In VSCode, with an open notebook, with the Select kernel button in the top-right corner, one can point to the existing running kernel by pasting the link that shows up when running the jupyter server. In practice, look at the output for a link that looks something like this: http://alvis2-02:8889/tree?token=d263b3a10fa6558d1f673a646128a5d847948f6972df27d8 (it’s in the example above).

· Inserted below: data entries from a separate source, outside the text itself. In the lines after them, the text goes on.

Lemma red_star_stack u v : red_star u v -> stack u = stack v.
Proof. by elim=> // u0 v0 w0 /red_step_stack ->. Qed.

Lemma red_star_trans u v w : red_star u v -> red_star v w -> red_star u w.
Proof. by elim=> // u0 v0 w0 h _ IH /IH; apply: red_trans. Qed.

Lemma red_star_cons a u v : red_star u v -> red_star (a :: u) (a :: v).
Proof.
elim=> [w0|u0 v0 w0 h _ IH]; first exact: red_refl.
apply: red_trans IH.
case: h => [[w1 [w2 [x [-> ->]]]]|[w1 [w2 [-> [_ ->]]]]].
  by left; exists (a :: w1), w2, x.
by right; exists (a :: w1), w2; do !split; left.
Qed.

Lemma red_star_drop_E s : s <> [::] -> red_star (E :: s) s.
Proof.
by move=> sN; apply: red_trans (red_refl _); right; exists [::], s; do !split; right.
Qed.

Lemma red_star_push a s : is_reduced s ->
  red_star (a :: nonempty_or_E s) (nonempty_or_E (push a s)).
Proof.
case: s => [|b s] /= rs.
  apply: (@red_trans _ _ [:: a]); first by right; exists [:: a], [::]; do !split; left.
  by case: a; constructor.
case: (pselect (a = E)) => [->|aE]; first exact: red_star_drop_E.
rewrite pushE //; destruct (pselect (b = linv a)) as [bl|bNa]; last exact: red_refl.
rewrite /= {}bl.
apply: (@red_trans _ _ (E :: s)); first by left; exists [::], s, a.
by case: s {rs} => [|c s]; [apply: red_refl | apply: red_star_drop_E].
Qed.

Lemma red_star_normal_form u : u <> [::] -> red_star u (normal_form u).
Proof.
elim: u => [//|a [|b u] IH] _; first by case: a; constructor.
apply: red_star_trans (red_star_cons a (IH _)) _ => //.
exact: red_star_push (stack_reduced _).
Qed.

Lemma is_reducedP s : is_reduced s <->
  (forall i, (i < size s)%N -> nth E s i <> E) /\
  (forall i, (i.+1 < size s)%N -> nth E s i <> linv (nth E s i.+1)).
Proof.
elim: s => [|a t IH] /=; first by split => // _; split.
split.
  move=> [aE /IH [h1 h2] ht]; split; first by case.
  case=> [|i] /=; last exact: h2.
  by case: t ht {h1 h2 IH} => //= b t bN _ abN; apply: bN; rewrite abN linvK.
move=> [h1 h2]; split; first exact: (h1 0%N).
  by apply/IH; split => i; [apply: (h1 i.+1) | apply: (h2 i.+1)].
case: t h1 h2 {IH} => //= b t _ h2 bN; apply: (h2 0%N) => //=.
by rewrite bN linvK.
Qed.

Lemma normal_form_irreducible u : irreducible (normal_form u).
Proof.
rewrite /normal_form; case: (stack u) (stack_reduced u) => [|c s] rs; first by left.
by right; split=> //; apply/is_reducedP.
Qed.

Lemma irreducible_normal_form v : irreducible v -> normal_form v = v.
Proof.
case=> [->//|[vN /is_reducedP rv]].
by rewrite /normal_form stack_id //; case: v vN {rv}.
Qed.

Lemma stack_normal_form u : stack (normal_form u) = stack u.
Proof.
rewrite /normal_form; case: (stack u) (stack_reduced u) => [|c s] rs //.
exact: stack_id.
Qed.

Lemma reduced_normal_form u : u <> [::] -> reduced u = normal_form u.
Proof.
move=> uN; rewrite /reduced.
set P := fun v => irreducible v /\ red_star u v.
have [] : P (epsilon (inhabits [:: E]) P).
  apply: epsilon_spec; exists (normal_form u).
  by split; [apply: normal_form_irreducible | apply: red_star_normal_form].
move=> irr /red_star_stack ustack.
by rewrite -(irreducible_normal_form irr) /normal_form ustack.
Qed.

Lemma normal_form_stack u v : stack u = stack v -> normal_form u = normal_form v.
Proof. by rewrite /normal_form => ->. Qed.

Lemma reduced_conj w ws (h : seq (letter X)) : ws <> [::] ->
  reduced ws = reduced (E :: h) ->
  reduced (linv w :: ws ++ [:: w]) =
  reduced ([:: E] ++ Defs.fmul (Defs.fmul (Defs.finv [:: w]) h) [:: w]).
Proof.
move=> wsN hr; have catN u : normal_form u ++ [:: w] <> [::] by case: (normal_form u).
rewrite /Defs.fmul /Defs.finv /= !reduced_normal_form //.
have stack_ws : stack ws = stack h.
  by have := congr1 stack hr; rewrite !reduced_normal_form // !stack_normal_form.
apply: normal_form_stack.
have rw := stack_reduced [:: w].
rewrite [in RHS]/stack /= -/(stack _) stack_normal_form !stack_cat.
rewrite (foldr_push_stack ws rw) (foldr_push_stack (normal_form _) rw).
by rewrite stack_normal_form stack_ws /= foldr_push_push.
Qed.

End FreeReduction.

Section Norms.
Variables (R : realType) (X : Type) (d : X -> X -> R) (Gam : letter X -> R -> R).

Lemma Nf_fuel f1 f2 th m w : (size w <= f1)%N -> (size w <= f2)%N ->
  Nf d Gam f1 th m w = Nf d Gam f2 th m w.
Proof.
elim: f1 f2 th m w => [|f1 IH] [|f2] th m [|a [|b t]] //= h1 h2.
case: ifP => hk; rewrite !(IH f2) //= ?size_take ?size_drop /=;
  try case: ifP; lia.
Qed.

Lemma Nf_shift f th th' m w :
  (forall i, (m <= i < m + size w)%N -> th' i.+1 = (th i).+1) ->
  Nf d Gam f th' m.+1 w = Nf d Gam f th m w.
Proof.
elim: f th th' m w => [//|f IH] th th' m [//|a [//|b t]] H /=.
have -> : (th' m.+1 - m.+1 = th m - m)%N by rewrite H ?subSS //=; lia.
case: ifP => hk; [rewrite addSn (IH th) ?(IH th) | rewrite (IH th)] => // i hi;
  apply: H; move: hi; rewrite /= ?size_take ?size_drop /=; try case: ifP; lia.
Qed.

Lemma Nf_ge0 f th m w : (forall x y, 0 <= d x y) ->
  (forall x r, 0 <= r -> r <= Gam x r) -> 0 <= Nf d Gam f th m w.
Proof.
move=> d_ge0 Gam_ge.
have dbar_ge0 a b : 0 <= dbar d a b by case: a; case: b => * //=; rewrite ?ler01.
elim: f th m w => [//|f IH] th m [//|a [|b t]]; first exact: dbar_ge0.
rewrite /=; case: ifP => _; first by rewrite addr_ge0.
rewrite addr_ge0 // le_max; apply/orP; left.
exact: le_trans (IH _ _ _) (Gam_ge _ _ (IH _ _ _)).
Qed.

Lemma Nf_paired_ends f th m a b t : ((size t).+1 <= th m - m)%N ->
  Nf d Gam f.+1 th m (a :: b :: t) =
  dbar d (linv a) (last b t) +
  Num.max (Gam (linv a) (Nf d Gam f th m.+1 (take (size t) (b :: t))))
          (Gam (last b t) (Nf d Gam f th m.+1 (take (size t) (b :: t)))).
Proof. by move=> h; rewrite /= ifF ?subn2 //; apply/negbTE; rewrite -leqNgt. Qed.

End Norms.

Definition match_wrap (n : nat) (th : nat -> nat) (i : nat) : nat :=
  if i == 0%N then n.+1 else if i == n.+1 then 0%N else (th i.-1).+1.

Lemma match_wrap_mid n th i : (0 < i <= n)%N -> match_wrap n th i = (th i.-1).+1.
Proof.
by move=> hi; rewrite /match_wrap; case: (i =P 0%N); case: (i =P n.+1) => //; lia.
Qed.

Lemma is_match_wrap n th : (0 < n)%N ->
  is_match 0 n.-1 th -> is_match 0 n.+1 (match_wrap n th).
Proof.
move=> n0 [th_inv th_nocross].
have wrap_inv i : (i <= n.+1)%N ->
    (match_wrap n th i <= n.+1)%N /\ match_wrap n th (match_wrap n th i) = i.
  move=> hi; case: (i =P 0%N) => [->|i0]; first by rewrite /match_wrap eqxx /= eqxx.
  case: (i =P n.+1) => [->|i1]; first by rewrite /match_wrap /= eqxx.
  have [th_le th_th] := th_inv i.-1 ltac:(lia).
  rewrite (@match_wrap_mid n th i) ?match_wrap_mid /= ?th_th; try split; lia.
split=> [i /wrap_inv //|i j hi hj [ij jt tt]].
have [wj _] := wrap_inv j hj.
case: (i =P 0%N) => [i0|i0].
  by have w0 : match_wrap n th 0 = n.+1 by []; move: tt; rewrite i0 w0; lia.
case: (j =P n.+1) => [j1|j1]; first lia.
move: jt tt; rewrite !match_wrap_mid; try lia.
by move=> jt tt; apply: (th_nocross i.-1 j.-1); try split; lia.
Qed.

Section Conjugation.
Variables (R : realType) (X : Type) (d : X -> X -> R) (Gam : letter X -> R -> R).

Lemma Ntheta_conj th w ws : dbar d w w = 0 -> ws <> [::] ->
  Ntheta d Gam (match_wrap (size ws) th) (linv w :: ws ++ [:: w]) =
  Gam w (Ntheta d Gam th ws).
Proof.
case: ws => [//|b t] dww _.
rewrite /Ntheta cat_cons cats1 (_ : size _ = (size (rcons t w)).+2) //.
rewrite Nf_paired_ends; last by rewrite /match_wrap /= size_rcons subn0.
rewrite linvK last_rcons dww add0r maxxx size_rcons -cats1 -cat_cons.
rewrite (take_size_cat _ (s1 := b :: t)) // (@Nf_shift _ _ _ _ _ th).
  by rewrite (@Nf_fuel _ _ _ _ _ (size t).+1).
by move=> i hi; rewrite match_wrap_mid //=; lia.
Qed.

Definition norm_values (w : seq (letter X)) : set R :=
  [set z | exists ws th, [/\ ws <> [::], reduced ws = w,
             is_match 0 (size ws).-1 th & z = Ntheta d Gam th ws]].

Lemma NGammaE w : NGamma d Gam w = inf (norm_values w). Proof. by []. Qed.

Lemma norm_values_ge0 w : (forall x y, 0 <= d x y) ->
  (forall x r, 0 <= r -> r <= Gam x r) -> lbound (norm_values w) 0.
Proof. by move=> d_ge0 Gam_ge _ [ws [th [_ _ _ ->]]]; apply: Nf_ge0. Qed.

Lemma norm_values_neq0 (h : seq (letter X)) : norm_values (reduced (E :: h)) !=set0.
Proof.
exists (Ntheta d Gam id (E :: h)), (E :: h), id; split => //.
by split => // i j _ _ [ij ji _]; move: ji; rewrite ltnNge ltnW.
Qed.

Lemma norm_values_conj w (h : seq (letter X)) z : dbar d w w = 0 ->
  norm_values (reduced (E :: h)) z ->
  norm_values (reduced ([:: E] ++ Defs.fmul (Defs.fmul (Defs.finv [:: w]) h) [:: w]))
    (Gam w z).
Proof.
move=> dww [ws [th [wsN hr m_th ->]]].
exists (linv w :: ws ++ [:: w]), (match_wrap (size ws) th); split => //.
- exact: reduced_conj.
- rewrite /= size_cat addn1; apply: is_match_wrap => //.
  by case: ws wsN {hr m_th}.
- by rewrite Ntheta_conj.
Qed.

End Conjugation.

(* Monotonicity handles the points of S below r, continuity at r the ones
   slightly above it. *)
Lemma inf_le_mono_continuous (R : realType) (f : R -> R) (S T : set R) r :
  (forall x y, 0 <= x -> x <= y -> f x <= f y) ->
  {within [set x | 0 <= x], continuous f} -> 0 <= r ->
  S !=set0 -> lbound S 0 -> inf S <= r ->
  lbound T 0 -> (forall z, S z -> T (f z)) -> inf T <= f r.
Proof.
move=> f_mono f_cont r0 S_neq0 S_ge0 infS_le T_ge0 ST.
apply/ler_addgt0Pr => e e0.
have /cvgrPdist_lt /(_ e e0) /nbhs_ballP [del del0 f_near] :=
  (subspace_continuousP _ _).1 f_cont r r0.
have [z Sz z_lt] := inf_adherent del0 (conj S_neq0 (ex_intro _ 0 S_ge0)).
apply: le_trans (ge_inf (ex_intro _ 0 T_ge0) (ST z Sz)) _.
have z0 : 0 <= z := S_ge0 z Sz.
have [zr|rz] := leP z r; first by apply: le_trans (f_mono _ _ z0 zr) _; rewrite lerDl ltW.
have /f_near /(_ z0) : ball r del z.
  rewrite /ball /= distrC ger0_norm ?subr_ge0 ?ltW // ltrBlDl.
  by apply: lt_le_trans z_lt _; rewrite lerD.
by rewrite ltr_distlC => /andP [_ /ltW].
Qed.

Lemma GammaG_letter_le (R : realType) (X : Type) (d : X -> X -> R)
    (Gam : letter X -> R -> R) (w : letter X) (r : R) :
  (forall x y, 0 <= d x y) -> (forall x, d x x = 0) -> is_scale Gam ->
  {within [set s : R | 0 <= s], continuous (Gam w)} -> 0 <= r ->
  (GammaG d Gam [:: w] r <= (Gam w r)%:E)%E.
Proof.
move=> d_ge0 d_xx [_ Gam_ge _ Gam_mono _] Gam_cont r0.
have dww : dbar d w w = 0 by case: w Gam_cont => [x|x|] _ /=; rewrite ?d_xx.
rewrite /GammaG ge_max lee_fin Gam_ge //=.
apply: ge_ereal_sup => _ [h [_ h_le] <-]; rewrite lee_fin.
rewrite /deltaGamma /Defs.fmul /= !NGammaE in h_le *.
apply: (inf_le_mono_continuous (Gam_mono w) Gam_cont r0 (norm_values_neq0 d Gam h)).
- exact: norm_values_ge0.
- exact: h_le.
- exact: norm_values_ge0.
- by move=> z; apply: norm_values_conj.
Qed.

Lemma dBaire_ge0 (R : realType) (x y : baire) : 0 <= dBaire R x y.
Proof.
apply: sup_upper_bound; last by left.
split; first by exists 0; left.
exists 1 => _ [->|[n _ <-]]; first exact: ler01.
by rewrite invr_le1 ?unitfE ?expf_neq0 ?pnatr_eq0 ?exprn_ege1 ?ler1n.
Qed.

Lemma dBaire_xx (R : realType) (x : baire) : dBaire R x x = 0.
Proof.
rewrite /dBaire (_ : [set _ | n in _] = set0) ?setU0 ?sup1 //.
by apply/seteqP; split => y //=; case.
Qed.

Theorem lemma3p3 (R : realType) (Gam : letter baire -> R -> R) :
  is_scale Gam ->
  (forall x : letter baire, {within [set r : R | 0 <= r], continuous (Gam x)}) ->
  forall (w : letter baire) (r : R), 0 <= r ->
    (GammaG (@dBaire R) Gam [:: w] r <= (Gam w r)%:E)%E.
Proof.
move=> Gam_scale Gam_cont w r r0.
exact: GammaG_letter_le (@dBaire_ge0 R) (@dBaire_xx R) Gam_scale (Gam_cont w) r0.
Qed.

For having a jupyter notebook with GPU support, one shall create a session on Alvis on-demand, then open a terminal, and finally follow the same steps above.

Running Jobs via Slurm

Example of sbatch script (CPU-only):

#!/usr/bin/env bash
#SBATCH -A NAISS2024-5-630 -p alvis
#SBATCH -N 1
#SBATCH -C NOGPU
#SBATCH --cpus-per-task=32
#SBATCH -t 0-2:00:00
#SBATCH -J "slurm-score-predictions"
#SBATCH -o slurm-score-predictions.log

cd $SLURM_SUBMIT_DIR
echo "Running score_predictions.py"

export PYTHONPATH=$PYTHONPATH:/my/local/dir/containing/code

apptainer exec ~/containers/container_file.sif python $SLURM_SUBMIT_DIR/scripts/score_predictions.py --num_proc=32 --skip_if_log_exists

Example of sbatch script with GPU:

#!/usr/bin/env bash
#SBATCH -N 1 --gpus-per-node=T4:1
#SBATCH -t 0-2:00:00
#SBATCH -J "slurm-predict-MyModel"
#SBATCH -o slurm-predict-MyModel.log  # Output log file

echo "Starting at `date`"
echo "Running on hosts: $SLURM_NODELIST"
echo "Running on $SLURM_NNODES nodes."
echo "Running $SLURM_NTASKS tasks."
echo "Job id is $SLURM_JOBID"
echo "Job submission directory is: $SLURM_SUBMIT_DIR"
cd $SLURM_SUBMIT_DIR

local_dir=my/local/dir/containing/code

# echo "-------------------------------------------------------------------------"
# apptainer exec ~/containers/container_file.sif accelerate env
# echo "-------------------------------------------------------------------------"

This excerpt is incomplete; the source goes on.